• [WHAT YOU HAVE TO DO] Lines to return, exactly: from the line with "Context: Graphs are" to the line with "Set Implicit Arguments." in the entries below, both included.

..........

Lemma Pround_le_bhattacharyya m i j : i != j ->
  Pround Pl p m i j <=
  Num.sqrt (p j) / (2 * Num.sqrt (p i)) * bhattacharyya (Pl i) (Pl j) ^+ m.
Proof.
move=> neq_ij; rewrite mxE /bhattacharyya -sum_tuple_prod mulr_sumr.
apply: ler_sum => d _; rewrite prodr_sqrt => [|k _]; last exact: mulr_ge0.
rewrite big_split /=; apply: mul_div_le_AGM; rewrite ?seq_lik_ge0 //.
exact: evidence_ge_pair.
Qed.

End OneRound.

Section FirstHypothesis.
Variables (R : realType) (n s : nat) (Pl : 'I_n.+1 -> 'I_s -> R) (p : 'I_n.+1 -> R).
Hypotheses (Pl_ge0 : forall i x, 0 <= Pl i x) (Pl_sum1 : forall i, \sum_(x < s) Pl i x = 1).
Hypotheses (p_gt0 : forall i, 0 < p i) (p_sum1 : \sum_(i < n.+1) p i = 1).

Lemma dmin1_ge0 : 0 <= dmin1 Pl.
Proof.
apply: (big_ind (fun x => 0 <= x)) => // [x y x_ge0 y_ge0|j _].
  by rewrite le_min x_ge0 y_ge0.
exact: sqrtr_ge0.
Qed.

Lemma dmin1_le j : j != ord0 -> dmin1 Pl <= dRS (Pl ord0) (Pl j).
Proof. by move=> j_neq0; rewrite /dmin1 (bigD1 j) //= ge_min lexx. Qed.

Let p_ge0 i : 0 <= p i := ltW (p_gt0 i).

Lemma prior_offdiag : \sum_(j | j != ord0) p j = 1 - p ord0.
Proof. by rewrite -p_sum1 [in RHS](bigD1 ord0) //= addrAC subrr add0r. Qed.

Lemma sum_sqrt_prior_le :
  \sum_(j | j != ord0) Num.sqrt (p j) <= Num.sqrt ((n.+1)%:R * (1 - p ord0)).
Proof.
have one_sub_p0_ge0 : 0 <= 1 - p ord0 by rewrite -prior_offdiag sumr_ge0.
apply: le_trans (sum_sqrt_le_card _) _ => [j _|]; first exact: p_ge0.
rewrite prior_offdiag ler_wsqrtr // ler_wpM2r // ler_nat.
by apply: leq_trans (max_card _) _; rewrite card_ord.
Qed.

..........

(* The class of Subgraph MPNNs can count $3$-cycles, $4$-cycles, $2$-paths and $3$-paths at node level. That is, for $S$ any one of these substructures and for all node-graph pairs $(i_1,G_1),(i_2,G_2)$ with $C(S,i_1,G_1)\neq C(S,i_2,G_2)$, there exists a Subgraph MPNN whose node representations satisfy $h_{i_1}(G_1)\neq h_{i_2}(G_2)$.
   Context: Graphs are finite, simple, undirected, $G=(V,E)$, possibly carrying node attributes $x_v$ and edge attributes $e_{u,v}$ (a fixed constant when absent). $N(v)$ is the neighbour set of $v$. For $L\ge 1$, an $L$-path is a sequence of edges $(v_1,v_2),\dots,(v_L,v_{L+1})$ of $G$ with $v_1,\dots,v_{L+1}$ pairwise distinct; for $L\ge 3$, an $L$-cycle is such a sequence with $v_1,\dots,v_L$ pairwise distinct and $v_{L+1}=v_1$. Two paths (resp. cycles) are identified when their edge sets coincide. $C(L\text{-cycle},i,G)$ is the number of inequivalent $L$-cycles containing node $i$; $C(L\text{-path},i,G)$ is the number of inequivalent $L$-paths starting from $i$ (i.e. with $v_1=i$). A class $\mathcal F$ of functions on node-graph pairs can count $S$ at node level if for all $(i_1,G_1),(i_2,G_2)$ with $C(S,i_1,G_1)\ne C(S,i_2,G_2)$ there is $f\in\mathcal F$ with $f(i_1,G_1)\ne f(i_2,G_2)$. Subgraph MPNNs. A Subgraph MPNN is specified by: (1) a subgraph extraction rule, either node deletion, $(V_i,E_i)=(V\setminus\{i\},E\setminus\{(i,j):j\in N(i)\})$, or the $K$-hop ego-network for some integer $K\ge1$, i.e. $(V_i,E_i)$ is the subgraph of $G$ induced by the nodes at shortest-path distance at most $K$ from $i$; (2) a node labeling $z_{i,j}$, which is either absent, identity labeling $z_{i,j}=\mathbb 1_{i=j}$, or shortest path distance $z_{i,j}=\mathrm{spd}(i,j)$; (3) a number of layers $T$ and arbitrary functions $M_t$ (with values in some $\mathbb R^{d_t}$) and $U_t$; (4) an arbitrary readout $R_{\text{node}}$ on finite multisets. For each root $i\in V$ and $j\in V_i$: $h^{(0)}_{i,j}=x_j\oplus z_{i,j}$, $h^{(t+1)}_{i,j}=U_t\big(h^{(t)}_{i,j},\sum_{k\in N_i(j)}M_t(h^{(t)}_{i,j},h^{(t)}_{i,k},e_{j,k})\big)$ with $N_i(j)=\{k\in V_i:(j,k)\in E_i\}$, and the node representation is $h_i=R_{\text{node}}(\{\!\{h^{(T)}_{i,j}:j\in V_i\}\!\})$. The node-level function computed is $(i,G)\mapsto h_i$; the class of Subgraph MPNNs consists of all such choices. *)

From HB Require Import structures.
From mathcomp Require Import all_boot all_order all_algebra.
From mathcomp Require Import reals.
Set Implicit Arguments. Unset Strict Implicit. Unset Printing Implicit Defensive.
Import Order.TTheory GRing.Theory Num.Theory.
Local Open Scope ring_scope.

..........

• [SOLUTION FOR THIS PROBLEM]
   Context: Graphs are finite, simple, undirected, $G=(V,E)$, possibly carrying node attributes $x_v$ and edge attributes $e_{u,v}$ (a fixed constant when absent). $N(v)$ is the neighbour set of $v$. For $L\ge 1$, an $L$-path is a sequence of edges $(v_1,v_2),\dots,(v_L,v_{L+1})$ of $G$ with $v_1,\dots,v_{L+1}$ pairwise distinct; for $L\ge 3$, an $L$-cycle is such a sequence with $v_1,\dots,v_L$ pairwise distinct and $v_{L+1}=v_1$. Two paths (resp. cycles) are identified when their edge sets coincide. $C(L\text{-cycle},i,G)$ is the number of inequivalent $L$-cycles containing node $i$; $C(L\text{-path},i,G)$ is the number of inequivalent $L$-paths starting from $i$ (i.e. with $v_1=i$). A class $\mathcal F$ of functions on node-graph pairs can count $S$ at node level if for all $(i_1,G_1),(i_2,G_2)$ with $C(S,i_1,G_1)\ne C(S,i_2,G_2)$ there is $f\in\mathcal F$ with $f(i_1,G_1)\ne f(i_2,G_2)$. Subgraph MPNNs. A Subgraph MPNN is specified by: (1) a subgraph extraction rule, either node deletion, $(V_i,E_i)=(V\setminus\{i\},E\setminus\{(i,j):j\in N(i)\})$, or the $K$-hop ego-network for some integer $K\ge1$, i.e. $(V_i,E_i)$ is the subgraph of $G$ induced by the nodes at shortest-path distance at most $K$ from $i$; (2) a node labeling $z_{i,j}$, which is either absent, identity labeling $z_{i,j}=\mathbb 1_{i=j}$, or shortest path distance $z_{i,j}=\mathrm{spd}(i,j)$; (3) a number of layers $T$ and arbitrary functions $M_t$ (with values in some $\mathbb R^{d_t}$) and $U_t$; (4) an arbitrary readout $R_{\text{node}}$ on finite multisets. For each root $i\in V$ and $j\in V_i$: $h^{(0)}_{i,j}=x_j\oplus z_{i,j}$, $h^{(t+1)}_{i,j}=U_t\big(h^{(t)}_{i,j},\sum_{k\in N_i(j)}M_t(h^{(t)}_{i,j},h^{(t)}_{i,k},e_{j,k})\big)$ with $N_i(j)=\{k\in V_i:(j,k)\in E_i\}$, and the node representation is $h_i=R_{\text{node}}(\{\!\{h^{(T)}_{i,j}:j\in V_i\}\!\})$. The node-level function computed is $(i,G)\mapsto h_i$; the class of Subgraph MPNNs consists of all such choices. *)

From HB Require Import structures.
From mathcomp Require Import all_boot all_order all_algebra.
From mathcomp Require Import reals.
Set Implicit Arguments. Unset Strict Implicit. Unset Printing Implicit Defensive.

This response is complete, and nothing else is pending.